# WHAT YOU ARE ASKED TO DO
In the entries that follow, the line with "rewrite Rabs_right by nra. unfold c." opens the range and the line with "rewrite cos_acos in Hc1 by auto." closes it; repeat that range exactly, both lines included.

# INFORMATION PROVIDED
(* Let $n\ge 3$ and let $\mathcal{P}=(V_0,\dots,V_{n-1})$ be an $n$-gon. Then $\mathcal{P}$ is strictly convex if and only if $\mathcal{P}$ is c-strictly monotone, i.e. if and only if $\mathcal{P}$ is locally-ordinary and, writing $(\alpha_0,\dots,\alpha_{n-1})=\arg\mathcal{P}$, there is $k\in\{0,\dots,n-1\}$ with either $\alpha_k<\dots<\alpha_{n-1}<\alpha_0<\dots<\alpha_{k-1}$ or $\alpha_k>\dots>\alpha_{n-1}>\alpha_0>\dots>\alpha_{k-1}$ (for $k=0$ these chains read $\alpha_0<\dots<\alpha_{n-1}$, resp. $\alpha_0>\dots>\alpha_{n-1}$).
   Context: A polygon (or $n$-gon) is any finite sequence $\mathcal{P}=(V_0,\dots,V_{n-1})$ of points of $\mathbb{R}^2$; indices are taken cyclically, $V_n:=V_0$. Its edges are the segments $[V_i,V_{i+1}]=\operatorname{conv}\{V_i,V_{i+1}\}$, $i\in\{0,\dots,n-1\}$, and $\operatorname{conv}\mathcal{P}:=\operatorname{conv}\{V_0,\dots,V_{n-1}\}$. $\mathcal{P}$ is convex if $\bigcup_{i=0}^{n-1}[V_i,V_{i+1}]=\partial\operatorname{conv}\mathcal{P}$. $\mathcal{P}$ is strict if for any three distinct indices $i,j,k$ the points $V_i,V_j,V_k$ are non-collinear; strictly convex means strict and convex. $\mathcal{P}$ is locally-ordinary if $V_i\ne V_{i+1}$ for all $i\in\{0,\dots,n-1\}$. For a nonzero vector $\vec v=(x,y)$ with $r=\sqrt{x^2+y^2}$, $\arg\vec v$ is the unique $\psi\in[0,2\pi)$ with $x=r\cos\psi$, $y=r\sin\psi$. For a locally-ordinary polygon, $\arg\mathcal{P}:=(\arg(V_1-V_0),\dots,\arg(V_n-V_{n-1}))$. The notions c-increasing / c-decreasing / c-strictly monotone are defined only for locally-ordinary polygons, as in the claim. *)

From Stdlib Require Import Reals Lra ClassicalEpsilon.
Open Scope R_scope.

Definition point : Type := (R * R)%type.

(* An n-gon (V_0,...,V_{n-1}) is given by P : nat -> point, of which only
   the values P 0, ..., P (n-1) matter; indices are taken cyclically. *)
Definition vtx (n : nat) (P : nat -> point) (i : nat) : point := P (i mod n)%nat.

Fixpoint sumR (m : nat) (f : nat -> R) : R :=
  match m with
  | O => 0
  | S k => sumR k f + f k
  end.

Definition segment (A B : point) (X : point) : Prop :=
  exists t, 0 <= t <= 1 /\
    fst X = (1 - t) * fst A + t * fst B /\
    snd X = (1 - t) * snd A + t * snd B.

Definition conv_hull (n : nat) (P : nat -> point) (X : point) : Prop :=
  exists lam : nat -> R,
    (forall i, (i < n)%nat -> 0 <= lam i) /\
    sumR n lam = 1 /\
    fst X = sumR n (fun i => lam i * fst (P i)) /\
    snd X = sumR n (fun i => lam i * snd (P i)).

Definition dist2 (X Y : point) : R :=
  (fst X - fst Y) ^ 2 + (snd X - snd Y) ^ 2.

Definition boundary (S : point -> Prop) (X : point) : Prop :=
  forall eps, 0 < eps ->
    (exists Y, S Y /\ dist2 X Y < eps ^ 2) /\
    (exists Y, ~ S Y /\ dist2 X Y < eps ^ 2).

Definition is_convex (n : nat) (P : nat -> point) : Prop :=
  forall X,
    (exists i, (i < n)%nat /\ segment (vtx n P i) (vtx n P (S i)) X)
    <-> boundary (conv_hull n P) X.

Definition collinear (A B C : point) : Prop :=
  exists a b c, (a <> 0 \/ b <> 0) /\
    a * fst A + b * snd A = c /\
    a * fst B + b * snd B = c /\
    a * fst C + b * snd C = c.

Definition is_strict (n : nat) (P : nat -> point) : Prop :=
  forall i j k, (i < n)%nat -> (j < n)%nat -> (k < n)%nat ->
    i <> j -> j <> k -> i <> k -> ~ collinear (P i) (P j) (P k).

Definition strictly_convex (n : nat) (P : nat -> point) : Prop :=
  is_strict n P /\ is_convex n P.

Definition locally_ordinary (n : nat) (P : nat -> point) : Prop :=
  forall i, (i < n)%nat -> vtx n P i <> vtx n P (S i).

Definition arg (v : point) : R :=
  epsilon (inhabits 0) (fun psi =>
    0 <= psi < 2 * PI /\
    fst v = sqrt (fst v ^ 2 + snd v ^ 2) * cos psi /\
    snd v = sqrt (fst v ^ 2 + snd v ^ 2) * sin psi).

Definition argP (n : nat) (P : nat -> point) (i : nat) : R :=
  arg (fst (vtx n P (S i)) - fst (vtx n P i), snd (vtx n P (S i)) - snd (vtx n P i)).

Definition c_strictly_monotone (n : nat) (P : nat -> point) : Prop :=
  locally_ordinary n P /\
  exists k, (k < n)%nat /\
    ((forall j, (j + 1 < n)%nat ->
        argP n P ((k + j) mod n) < argP n P ((k + j + 1) mod n)) \/
     (forall j, (j + 1 < n)%nat ->
        argP n P ((k + j) mod n) > argP n P ((k + j + 1) mod n))).

From Stdlib Require Import Reals Lra Lia Psatz ClassicalEpsilon Classical.
Open Scope R_scope.

(* Both conditions are equivalent to convex position with an orientation s = 1 or
   s = -1: for every edge [V_i, V_(i+1)], all other vertices lie strictly on the side s
   of its line.

   In convex position, conv P is the intersection of the closed half-planes bounded by
   the edge lines, so its boundary is the union of the edges; and no three vertices are
   collinear, since the line of the edge leaving the middle one would separate the
   other two. Conversely, if a strictly convex polygon had vertices on both sides of an
   edge line, the midpoint of that edge would be interior to conv P.

   In convex position consecutive edges turn in the direction s, so s * alpha_i
   increases at every step except where the edge direction crosses argument 0. This
   happens at some step since the cycle closes, and at only one, because all other
   vertices lie strictly above (for s = 1) the vertex where it happens. Conversely, if
   s * alpha increases once around the cycle, then
   s * cross (e_i) (e_(i+m)) = |e_i| |e_(i+m)| sin (s alpha_(i+m) - s alpha_i)
   is first positive and then negative for m = 1, ..., n - 1, and sums to 0 over
   m < n; so its proper partial sums s * cross (e_i) (V_j - V_i) are positive. *)

(** * Vectors and polar angles *)

Definition vsub (A B : point) : point := (fst A - fst B, snd A - snd B).
Definition cross (u v : point) : R := fst u * snd v - snd u * fst v.
Definition dot (u v : point) : R := fst u * fst v + snd u * snd v.
Definition vnorm (v : point) : R := sqrt (fst v ^ 2 + snd v ^ 2).

Lemma cross_anticomm u v : cross v u = - cross u v.
Proof. unfold cross; ring. Qed.

Lemma sqnorm_pos (v : point) : v <> (0, 0) -> 0 < fst v ^ 2 + snd v ^ 2.
Proof.
  destruct v as [x y]; simpl; intro Hv.
  destruct (Req_dec x 0), (Req_dec y 0); subst; [now exfalso; apply Hv | nra ..].
Qed.

Lemma vnorm_pos v : v <> (0, 0) -> 0 < vnorm v.
Proof. intro Hv. apply sqrt_lt_R0, sqnorm_pos, Hv. Qed.

Lemma polar_angle_exists v : v <> (0, 0) -> exists psi,
  0 <= psi < 2 * PI /\ fst v = vnorm v * cos psi /\ snd v = vnorm v * sin psi.
Proof.
  intro Hv. pose proof (vnorm_pos v Hv) as Hr.
  assert (Hr2 : vnorm v * vnorm v = fst v ^ 2 + snd v ^ 2) by (apply sqrt_sqrt; nra).
  set (r := vnorm v) in *. destruct v as [x y]; simpl in *.
  set (c := x / r).
  assert (Hc : -1 <= c <= 1).
  { unfold c; split; apply (Rmult_le_reg_r r); auto; field_simplify; nra. }
  assert (Hs : sqrt (1 - c²) = Rabs y / r).
  { apply sqrt_lem_1; unfold Rsqr.
    - nra.
    - apply Rmult_le_pos; [apply Rabs_pos | left; apply Rinv_0_lt_compat, Hr].
    - replace (Rabs y / r * (Rabs y / r)) with (Rabs (y * y) / (r * r))
        by (rewrite Rabs_mult; field; lra).
      rewrite Rabs_right by nra. unfold c.
      apply (Rmult_eq_reg_r (r * r)); [| nra]. field_simplify; [nra | lra ..]. }
  pose proof (acos_bound c). pose proof PI_RGT_0.
  destruct (Rle_lt_dec 0 y) as [Hy | Hy].
  - exists (acos c). rewrite cos_acos, sin_acos, Hs, Rabs_right by (auto; lra).
    split; [lra | unfold c; split; field; lra].
  - assert (acos c <> 0).
    { intro Hz. assert (Hc1 : cos (acos c) = 1) by (rewrite Hz; apply cos_0).
      rewrite cos_acos in Hc1 by auto.
      assert (Hx : x = c * r) by (unfold c; field; lra). rewrite Hc1 in Hx. nra. }
    exists (2 * PI - acos c).
    rewrite cos_minus, sin_minus, cos_2PI, sin_2PI, cos_acos, sin_acos, Hs, Rabs_left
      by (auto; lra).
    split; [lra | unfold c; split; field; lra].
Qed.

# WRITTEN ANSWER
      rewrite Rabs_right by nra. unfold c.
      apply (Rmult_eq_reg_r (r * r)); [| nra]. field_simplify; [nra | lra ..]. }
  pose proof (acos_bound c). pose proof PI_RGT_0.
  destruct (Rle_lt_dec 0 y) as [Hy | Hy].
  - exists (acos c). rewrite cos_acos, sin_acos, Hs, Rabs_right by (auto; lra).
    split; [lra | unfold c; split; field; lra].
  - assert (acos c <> 0).
    { intro Hz. assert (Hc1 : cos (acos c) = 1) by (rewrite Hz; apply cos_0).
      rewrite cos_acos in Hc1 by auto.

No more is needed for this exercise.